I came to her room, in the hopes of giving her some physical therapy. She needed to get out of her chair and walk, so that her muscles could pump all of that excess fluid back to her heart. “I will now allow you to work with me, you cheery little girl! Take me to the bathroom,” the queen declared. I complied with her suggestion, as I needed to keep my job and produce some actual results for this woman.

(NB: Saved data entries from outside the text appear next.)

(* Assume that the basis of canonical cycles $(b_1,b_2,a_1,a_2)$ satisfying $a_1^{\mu}=a_2$, $b_1^{\mu}=b_2$ is transformed by a matrix $T\in \mathrm{Sp}(4,\mathbb{Z})$ to another basis $(b'_1,b'_2,a'_1,a'_2)$ satisfying the same relation: $a_1'^{\mu}=a_2'$, $b_1'^{\mu}=b_2'$. Then the action of the matrix $T$ on the matrix of $b$-periods $\mathbf{B}=\frac{1}{2}\begin{pmatrix}\mathbf{x}+\mathbf{y} & \mathbf{x}-\mathbf{y}\\ \mathbf{x}-\mathbf{y} & \mathbf{x}+\mathbf{y}\end{pmatrix}$ gives rise to an action of two elements $\gamma_1,\gamma_2\in\Gamma$, such that $\gamma_1\gamma_2^{-1}\in\Gamma(2)$, on $\mathbf{x}$ and $\mathbf{y}$, respectively. The matrix $T$ is expressed in terms of $\gamma_{1,2}$ as follows: if $\gamma_i=\begin{pmatrix} k_i & l_i\\ m_i & n_i\end{pmatrix}$, $i=1,2$, then $$T=\frac{1}{2}\begin{pmatrix} k_1+k_2 & k_1-k_2 & l_1+l_2 & l_1-l_2\\ k_1-k_2 & k_1+k_2 & l_1-l_2 & l_1+l_2\\ m_1+m_2 & m_1-m_2 & n_1+n_2 & n_1-n_2\\ m_1-m_2 & m_1+m_2 & n_1-n_2 & n_1+n_2\end{pmatrix}.$$
   Context: Consider a genus two curve $y^2=(z^2-1)(z^2-r_1^2)(z^2-r_2^2)$, $r_1,r_2\in\mathbb{C}$, which besides the hyperelliptic involution admits the involution $\mu: z\mapsto -z$. A canonical basis of cycles $(b_1,b_2,a_1,a_2)$ is chosen so that $a_1^{\mu}=a_2$, $b_1^{\mu}=b_2$ (superscript $\mu$ denotes the image of a cycle under $\mu$); in such a basis the matrix of $b$-periods has the form $\mathbf{B}=\frac{1}{2}\begin{pmatrix}\mathbf{x}+\mathbf{y} & \mathbf{x}-\mathbf{y}\\ \mathbf{x}-\mathbf{y} & \mathbf{x}+\mathbf{y}\end{pmatrix}$ with $\mathbf{x},\mathbf{y}$ in the upper half-plane. A matrix $T=\begin{pmatrix}A&B\\C&D\end{pmatrix}\in\mathrm{Sp}(4,\mathbb{Z})$ acting on the vector $(b_1,b_2,a_1,a_2)^t$ acts on the matrix of $b$-periods by $\mathbf{B}\mapsto (A\mathbf{B}+B)(C\mathbf{B}+D)^{-1}$; elements of $\Gamma$ act on the upper half-plane by Möbius transformations. Here $\Gamma=SL(2,\mathbb{Z})$ and $\Gamma(2)$ is the principal congruence subgroup of $\Gamma$ consisting of matrices $\gamma\equiv I \pmod 2$. *)

From mathcomp Require Import all_boot all_algebra.
From mathcomp Require Import reals.
From mathcomp Require Export complex.
Set Implicit Arguments. Unset Strict Implicit. Unset Printing Implicit Defensive.
Import GRing.Theory Num.Theory.
Local Open Scope ring_scope.

(* Homology H_1 of the genus-2 curve with integer coefficients, written in
   coordinates w.r.t. the canonical basis (b1,b2,a1,a2): index 0 = b1,
   1 = b2, 2 = a1, 3 = a2. *)
Definition cycle := 'rV[int]_(2 + 2).

(* Matrix of the action of the involution mu on H_1 in the basis
   (b1,b2,a1,a2): since a1^mu = a2, a2^mu = a1, b1^mu = b2, b2^mu = b1,
   mu swaps coordinates 0<->1 and 2<->3. *)
Definition mu_mx : 'M[int]_(2 + 2) :=
  \matrix_(i, j) (if (j : nat) == (if (i : nat) == 0%N then 1%N
                                   else if (i : nat) == 1%N then 0%N
                                   else if (i : nat) == 2%N then 3%N
                                   else 2%N) then 1 else 0).

Definition mu_cyc (c : cycle) : cycle := c *m mu_mx.

Definition ent (T : 'M[int]_(2 + 2)) (i j : nat) : int := T (inord i) (inord j).

(* the k-th new cycle (b'_1,b'_2,a'_1,a'_2) when the column vector
   (b1,b2,a1,a2)^t is transformed by T: it is the k-th row of T *)
Definition new_cycle (T : 'M[int]_(2 + 2)) (k : nat) : cycle := row (inord k) T.

Definition Jmx : 'M[int]_(2 + 2) := block_mx 0 1%:M (- 1%:M) 0.
Definition symplectic (T : 'M[int]_(2 + 2)) : Prop := T *m Jmx *m T^T = Jmx.

Definition SL2Z (g : 'M[int]_2) : Prop := \det g = 1.
Definition Gamma2 (g : 'M[int]_2) : Prop :=
  SL2Z g /\ forall i j : 'I_2, (2 %| g i j - (i == j)%:R)%Z.

Definition upper_half (R : realType) (z : R[i]) : Prop := 0 < complex.Im z.

Definition mobius (R : realType) (g : 'M[int]_2) (z : R[i]) : R[i] :=
  ((g 0 0)%:~R * z + (g 0 1)%:~R) / ((g 1 0)%:~R * z + (g 1 1)%:~R).

Definition per_mx (R : realType) (x y : R[i]) : 'M[R[i]]_2 :=
  \matrix_(i, j) (if i == j then (x + y) / 2 else (x - y) / 2).

Definition sp_act (R : realType) (T : 'M[int]_(2 + 2)) (Bm : 'M[R[i]]_2)
  : 'M[R[i]]_2 :=
  let T' := map_mx (fun z : int => z%:~R : R[i]) T in
  (ulsubmx T' *m Bm + ursubmx T') *m invmx (dlsubmx T' *m Bm + drsubmx T').

(* T commutes with mu, so each 2x2 block of T is a circulant [[p, q], [q, p]].
   Circulants form a commutative algebra, diagonalised by the eigenvectors
   (1, 1) and (1, -1) of mu with eigenvalues p + q and p - q, and the period
   matrix B is the circulant with eigenvalues x and y. The action of T on B
   therefore splits into two Moebius actions, by the matrices g1 and g2
   collecting the eigenvalues p + q, resp. p - q, of the four blocks. The
   symplectic relation A D^T - B C^T = 1 between the blocks becomes
   det g1 = det g2 = 1, and g1 - g2 = 2 [[q_A, q_B], [q_C, q_D]] puts
   g1 g2^-1 in Gamma(2). *)

From mathcomp Require Import all_boot all_algebra.
From mathcomp Require Import reals complex.
From mathcomp Require Import ring.
Import GRing.Theory Num.Theory.
Set Implicit Arguments. Unset Strict Implicit. Unset Printing Implicit Defensive.
Local Open Scope ring_scope.

Definition circ (T : Type) (p q : T) : 'M[T]_2 :=
  \matrix_(i, j) if i == j then p else q.

Section Circulant.
Variable R : pzRingType.

Lemma circ_mul (p q r s : R) :
  circ p q *m circ r s = circ (p * r + q * s) (p * s + q * r).
Proof.
apply/matrixP => i j; rewrite !mxE !big_ord_recl big_ord0 !mxE.
by case: i j => [[|[|?]] ?] [[|[|?]] ?] //=; rewrite addr0 // addrC.
Qed.

Lemma circ_add (p q r s : R) : circ p q + circ r s = circ (p + r) (q + s).
Proof. by apply/matrixP => i j; rewrite !mxE; case: eqP. Qed.

Lemma circ_sub (p q r s : R) : circ p q - circ r s = circ (p - r) (q - s).
Proof. by apply/matrixP => i j; rewrite !mxE; case: eqP. Qed.

Lemma circ1 : circ 1 0 = 1%:M :> 'M[R]_2.
Proof. by apply/matrixP => i j; rewrite !mxE; case: eqP. Qed.

Lemma tr_circ (p q : R) : (circ p q)^T = circ p q.
Proof. by apply/matrixP => i j; rewrite !mxE eq_sym. Qed.

Lemma circ_inj (p q r s : R) : circ p q = circ r s -> p = r /\ q = s.
Proof. by move/matrixP=> E; have := E 0 0; have := E 0 1; rewrite !mxE. Qed.

End Circulant.

Lemma map_circ (T U : Type) (f : T -> U) (p q : T) :
  map_mx f (circ p q) = circ (f p) (f q).
Proof. by apply/matrixP => i j; rewrite !mxE; case: eqP. Qed.

Lemma circ_symplectic_det (R : comPzRingType) (a b c d e f g h : R) :
  circ a b *m circ g h - circ c d *m circ e f = 1%:M ->
  (a + b) * (g + h) - (c + d) * (e + f) = 1 /\ (a - b) * (g - h) - (c - d) * (e - f) = 1.
Proof.
rewrite !circ_mul circ_sub -circ1 => /circ_inj[sympl_diag sympl_offdiag].
split; [rewrite -[1]addr0 | rewrite -[1]subr0]; rewrite -{1}sympl_diag -sympl_offdiag; ring.
Qed.

Section PeriodMatrix.
Variable R : realType.
Implicit Types u v x y p q : R[i].

Lemma two_neq0 : (2 : R[i]) != 0.
Proof. by rewrite pnatr_eq0. Qed.

Lemma per_mxE x y : per_mx x y = circ ((x + y) / 2) ((x - y) / 2).
Proof. by []. Qed.

Lemma circ_per_mx p q : circ p q = per_mx (p + q) (p - q).
Proof.
have h2 := two_neq0.
by rewrite per_mxE; congr circ; field.
Qed.

Lemma per_mx_mul u v x y : per_mx u v *m per_mx x y = per_mx (u * x) (v * y).
Proof.
have h2 := two_neq0.
by rewrite !per_mxE circ_mul; congr circ; field.
Qed.

Lemma per_mx_add u v x y : per_mx u v + per_mx x y = per_mx (u + x) (v + y).
Proof. by rewrite !per_mxE circ_add; congr circ; ring. Qed.

Lemma per_mx1 : per_mx 1 1 = 1%:M :> 'M[R[i]]_2.
Proof. by rewrite -circ1 circ_per_mx addr0 subr0. Qed.

Lemma invmx_per_mx u v : u != 0 -> v != 0 -> invmx (per_mx u v) = per_mx u^-1 v^-1.
Proof.
move=> u0 v0; have /mulmx1_unit[unit_uv _]: per_mx u v *m per_mx u^-1 v^-1 = 1%:M.
  by rewrite per_mx_mul !divff // per_mx1.
by rewrite -[RHS]mul1mx -(mulVmx unit_uv) -mulmxA per_mx_mul !divff // per_mx1 mulmx1.
Qed.

End PeriodMatrix.

Lemma entE (T : 'M[int]_(2 + 2)) (i j : 'I_(2 + 2)) : T i j = ent T i j.
Proof. by rewrite /ent !inord_val. Qed.

Lemma mu_cyc_new_cycle (T : 'M[int]_(2 + 2)) (p q : nat) :
  mu_cyc (new_cycle T p) = new_cycle T q -> (p < 4)%N ->
  [/\ ent T q 0 = ent T p 1, ent T q 1 = ent T p 0,
      ent T q 2 = ent T p 3 & ent T q 3 = ent T p 2].
Proof.
move=> /matrixP mu_pq lt_p4.
have entq j : ent T q j = mu_cyc (new_cycle T p) 0 (inord j) by rewrite mu_pq mxE.
rewrite !entq /mu_cyc /new_cycle !mxE !big_ord_recl !big_ord0 !mxE /= !inordK //=.
by rewrite !entE !inordK // !mulr0 !mulr1 !add0r !addr0.
Qed.

Lemma mu_invariant_blocks (T : 'M[int]_(2 + 2)) :
  mu_cyc (new_cycle T 0) = new_cycle T 1 -> mu_cyc (new_cycle T 2) = new_cycle T 3 ->
  T = block_mx (circ (ent T 0 0) (ent T 0 1)) (circ (ent T 0 2) (ent T 0 3))
               (circ (ent T 2 0) (ent T 2 1)) (circ (ent T 2 2) (ent T 2 3)).
Proof.
move=> /mu_cyc_new_cycle/(_ isT)[r10 r11 r12 r13] /mu_cyc_new_cycle/(_ isT)[r30 r31 r32 r33].
apply/matrixP => i j; rewrite entE.
case: (split_ordP i) => i' ->; case: (split_ordP j) => j' ->;
  rewrite ?block_mxEul ?block_mxEur ?block_mxEdl ?block_mxEdr mxE;
  by case: i' j' => [[|[|?]] ?] [[|[|?]] ?].
Qed.

Lemma symplectic_ur (R : pzRingType) (n : nat) (T : 'M[R]_(n + n)) :
  T *m block_mx 0 1%:M (- 1%:M) 0 *m T^T = block_mx 0 1%:M (- 1%:M) 0 ->
  ulsubmx T *m (drsubmx T)^T - ursubmx T *m (dlsubmx T)^T = 1%:M.
Proof.
rewrite -[T in LHS]submxK mulmx_block tr_block_mx mulmx_block => /eq_block_mx[_ <- _ _].
by rewrite !mulmx0 !mulmxN !mulmx1 !addr0 !add0r mulNmx addrC.
Qed.

Lemma det_mx22 (R : comPzRingType) (A : 'M[R]_2) :
  \det A = A 0 0 * A 1 1 - A 0 1 * A 1 0.
Proof.
rewrite (expand_det_row _ 0) !big_ord_recl big_ord0 /cofactor !det_mx11 !mxE /=.
have -> : lift (0 : 'I_2) (0 : 'I_1) = 1 by apply/val_inj.
have -> : lift (1 : 'I_2) (0 : 'I_1) = 0 by apply/val_inj.
by rewrite expr0 expr1 mul1r addr0 mulN1r mulrN.
Qed.

Definition mx2 (T : Type) (p q r s : T) : 'M[T]_2 :=
  \matrix_(i, j) if i == 0 then (if j == 0 then p else q) else (if j == 0 then r else s).

Lemma det_mx2 (R : comPzRingType) (p q r s : R) : \det (mx2 p q r s) = p * s - q * r.
Proof. by rewrite det_mx22 !mxE. Qed.

Lemma Gamma2_mul_invmx (g1 g2 : 'M[int]_2) :
  SL2Z g1 -> SL2Z g2 -> (forall i j, (2 %| g1 i j - g2 i j)%Z) ->
  Gamma2 (g1 *m invmx g2).
Proof.
move=> det_g1 det_g2 g1_congr_g2; split.
  by rewrite /SL2Z det_mulmx det_inv det_g1 det_g2 invr1 mulr1.
have unit_g2 : g2 \in unitmx by rewrite unitmxE det_g2 unitr1.
have -> : g1 = g2 + 2 *: \matrix_(i, j) ((g1 i j - g2 i j) %/ 2)%Z.
  by apply/matrixP => i j; rewrite !mxE mulrC divzK // addrC subrK.
rewrite mulmxDl mulmxV // -scalemxAl => i j.
by rewrite !mxE addrAC subrr add0r dvdz_mulr.
Qed.

Section Mobius.
Variable R : realType.

Lemma mobius_den_neq0 (g : 'M[int]_2) (x : R[i]) :
  \det g != 0 -> upper_half x -> (g 1 0)%:~R * x + (g 1 1)%:~R != 0.
Proof.
rewrite det_mx22 => det_g Im_x; apply: contraNneq det_g => den0.
have g10 : g 1 0 = 0.
  apply/eqP; move: (congr1 (@complex.Im R) den0).
  rewrite raddfD /= mulrzl !raddfMz /= mul0rz addr0 => /eqP.
  by rewrite mulrz_eq0 (negbTE (lt0r_neq0 Im_x)) orbF.
move: den0; rewrite g10 mul0r add0r => /eqP; rewrite intr_eq0 => /eqP ->.
by rewrite !mulr0 subr0.
Qed.

(* The paper's formula for T in terms of gamma_1 = g1 and gamma_2 = g2, since
   per_mx u v = 1/2 [[u + v, u - v], [u - v, u + v]]. *)
Definition mu_split (g1 g2 : 'M[int]_2) : 'M[R[i]]_(2 + 2) :=
  let pm i j := per_mx (g1 i j)%:~R (g2 i j)%:~R in
  block_mx (pm 0 0) (pm 0 1) (pm 1 0) (pm 1 1).

Lemma sp_act_mu_split (T : 'M[int]_(2 + 2)) (g1 g2 : 'M[int]_2) (x y : R[i]) :
  map_mx (fun z : int => z%:~R : R[i]) T = mu_split g1 g2 ->
  \det g1 != 0 -> \det g2 != 0 -> upper_half x -> upper_half y ->
  sp_act T (per_mx x y) = per_mx (mobius g1 x) (mobius g2 y).
Proof.
move=> split_T det_g1 det_g2 Im_x Im_y.
rewrite /sp_act /= split_T /mu_split block_mxKul block_mxKur block_mxKdl block_mxKdr.
by rewrite !per_mx_mul !per_mx_add invmx_per_mx ?mobius_den_neq0 // per_mx_mul.
Qed.

End Mobius.

Lemma map_circ_blocks (R : realType) (a b c d e f g h : int) :
  map_mx (fun z : int => z%:~R : R[i])
    (block_mx (circ a b) (circ c d) (circ e f) (circ g h)) =
  mu_split R (mx2 (a + b) (c + d) (e + f) (g + h)) (mx2 (a - b) (c - d) (e - f) (g - h)).
Proof. by rewrite map_block_mx !map_circ !circ_per_mx /mu_split !mxE /= !intrD !intrN. Qed.

Theorem lemma1 (R : realType) (T : 'M[int]_(2 + 2)) :
  symplectic T ->
  mu_cyc (new_cycle T 2) = new_cycle T 3 ->
  mu_cyc (new_cycle T 0) = new_cycle T 1 ->
  exists g1 g2 : 'M[int]_2,
    [/\ SL2Z g1, SL2Z g2, Gamma2 (g1 *m invmx g2),
        (forall x y : R[i], upper_half x -> upper_half y ->
           sp_act T (per_mx x y) = per_mx (mobius g1 x) (mobius g2 y)) &
        (let k1 := g1 0 0 in let l1 := g1 0 1 in
         let m1 := g1 1 0 in let n1 := g1 1 1 in
         let k2 := g2 0 0 in let l2 := g2 0 1 in
         let m2 := g2 1 0 in let n2 := g2 1 1 in
         [/\ [/\ 2 * ent T 0 0 = k1 + k2, 2 * ent T 0 1 = k1 - k2,
                 2 * ent T 0 2 = l1 + l2 & 2 * ent T 0 3 = l1 - l2],
             [/\ 2 * ent T 1 0 = k1 - k2, 2 * ent T 1 1 = k1 + k2,
                 2 * ent T 1 2 = l1 - l2 & 2 * ent T 1 3 = l1 + l2],
             [/\ 2 * ent T 2 0 = m1 + m2, 2 * ent T 2 1 = m1 - m2,
                 2 * ent T 2 2 = n1 + n2 & 2 * ent T 2 3 = n1 - n2] &
             [/\ 2 * ent T 3 0 = m1 - m2, 2 * ent T 3 1 = m1 + m2,
                 2 * ent T 3 2 = n1 - n2 & 2 * ent T 3 3 = n1 + n2]])].
Proof.
move=> sympT mu2 mu0.
have [r10 r11 r12 r13] := mu_cyc_new_cycle mu0 isT.
have [r30 r31 r32 r33] := mu_cyc_new_cycle mu2 isT.
have blocks := mu_invariant_blocks mu0 mu2.
have sympl_blocks := symplectic_ur sympT.
rewrite blocks block_mxKul block_mxKur block_mxKdl block_mxKdr !tr_circ in sympl_blocks.
move: blocks sympl_blocks r10 r11 r12 r13 r30 r31 r32 r33.
set a := ent T 0 0; set b := ent T 0 1; set c := ent T 0 2; set d := ent T 0 3.
set e := ent T 2 0; set f := ent T 2 1; set g := ent T 2 2; set h := ent T 2 3.
move=> blocks /circ_symplectic_det[det_g1 det_g2] -> -> -> -> -> -> -> ->.
exists (mx2 (a + b) (c + d) (e + f) (g + h)), (mx2 (a - b) (c - d) (e - f) (g - h)).
have sl_g1 : SL2Z (mx2 (a + b) (c + d) (e + f) (g + h)) by rewrite /SL2Z det_mx2 det_g1.
have sl_g2 : SL2Z (mx2 (a - b) (c - d) (e - f) (g - h)) by rewrite /SL2Z det_mx2 det_g2.
split=> //.
- apply: Gamma2_mul_invmx => // i j; rewrite !mxE.
  have even_diff (p q : int) : (2 %| (p + q) - (p - q))%Z.
    by rewrite (_ : _ - _ = 2 * q) ?dvdz_mulr //; ring.
  by case: (i == 0); case: (j == 0); apply: even_diff.
- move=> x y Im_x Im_y; apply: sp_act_mu_split => //.
  + by rewrite blocks map_circ_blocks.
  + by rewrite sl_g1 oner_neq0.
  + by rewrite sl_g2 oner_neq0.
- by rewrite /= !mxE /=; split; split; ring.
Qed.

​Mary and I walked to her bathroom with her rolling walker. She huffed and she puffed, but she got there. She plunked herself down on the toilet and caught her breath. I am not sure how long we sat there. ​The queen looked down at her fingers. She told me that she had been married five times. The first was for love, but he had been an alcoholic. The second was for property; there had been a nice farm. The third was for a chain of grocery stores. I tuned out the rest. Instead, I looked at all of those glistening rings on her hands, as she urinated for what seemed like hours.
​
When she was finished, Mary stood up and told me that she needed my help to “panty herself.” As I pulled up her underwear, Mary shrieked, “You have no idea what you are doing! Bring me a roll of paper towels, 6 Kotex pads and the baby powder from my bed!” I believe that this next process must have taken fifteen minutes. It included layering the paper toweling along her panties, followed by six maxi pads, sprinkled with half a cup of talcum powder. (Had she not heard of the link between ovarian cancer and powder, I wondered? But did that matter to a queen with five husbands?)
Mary Frenkel
Mary finally returned to her red velvet recliner with my assistance. She took three puffs on her inhaler. “Perhaps you are not the woman I judged you to be. A happy woman would not work in this place. You must have something wrong with you. Whatever it is, you don’t have five husbands!” And she laughed, Mary laughed so hard that I had to put oxygen on her face.

I look back on the queen on the nursing home. I wish I could say that she lived to rule the house and continue to scare the Fire Marshall. But her reign did come to an end. What I do hold close to my soul about Mary Frenkel is that she lived according to her own rules. She married several men, she called her staff four times an hour from her cell phone, and she demanded the very best care towards her end. Isn’t this what men have always done? So, why not women?
 
I often joke with my coworkers about this story. While I hope that I will expect and demand the best for my own care as long as I can, I worry about becoming incontinent, like Mary. Will I require the Leaning Tower of Kotex when I am old? My friends assure me that I will not. They say that because I am a Pelvic Floor Physical Therapist, I can avoid this. I believe that I can. On a larger scale, I believe that women will live very long and very well, with as many husbands, diamonds, and thrones as we choose. A new reign has come.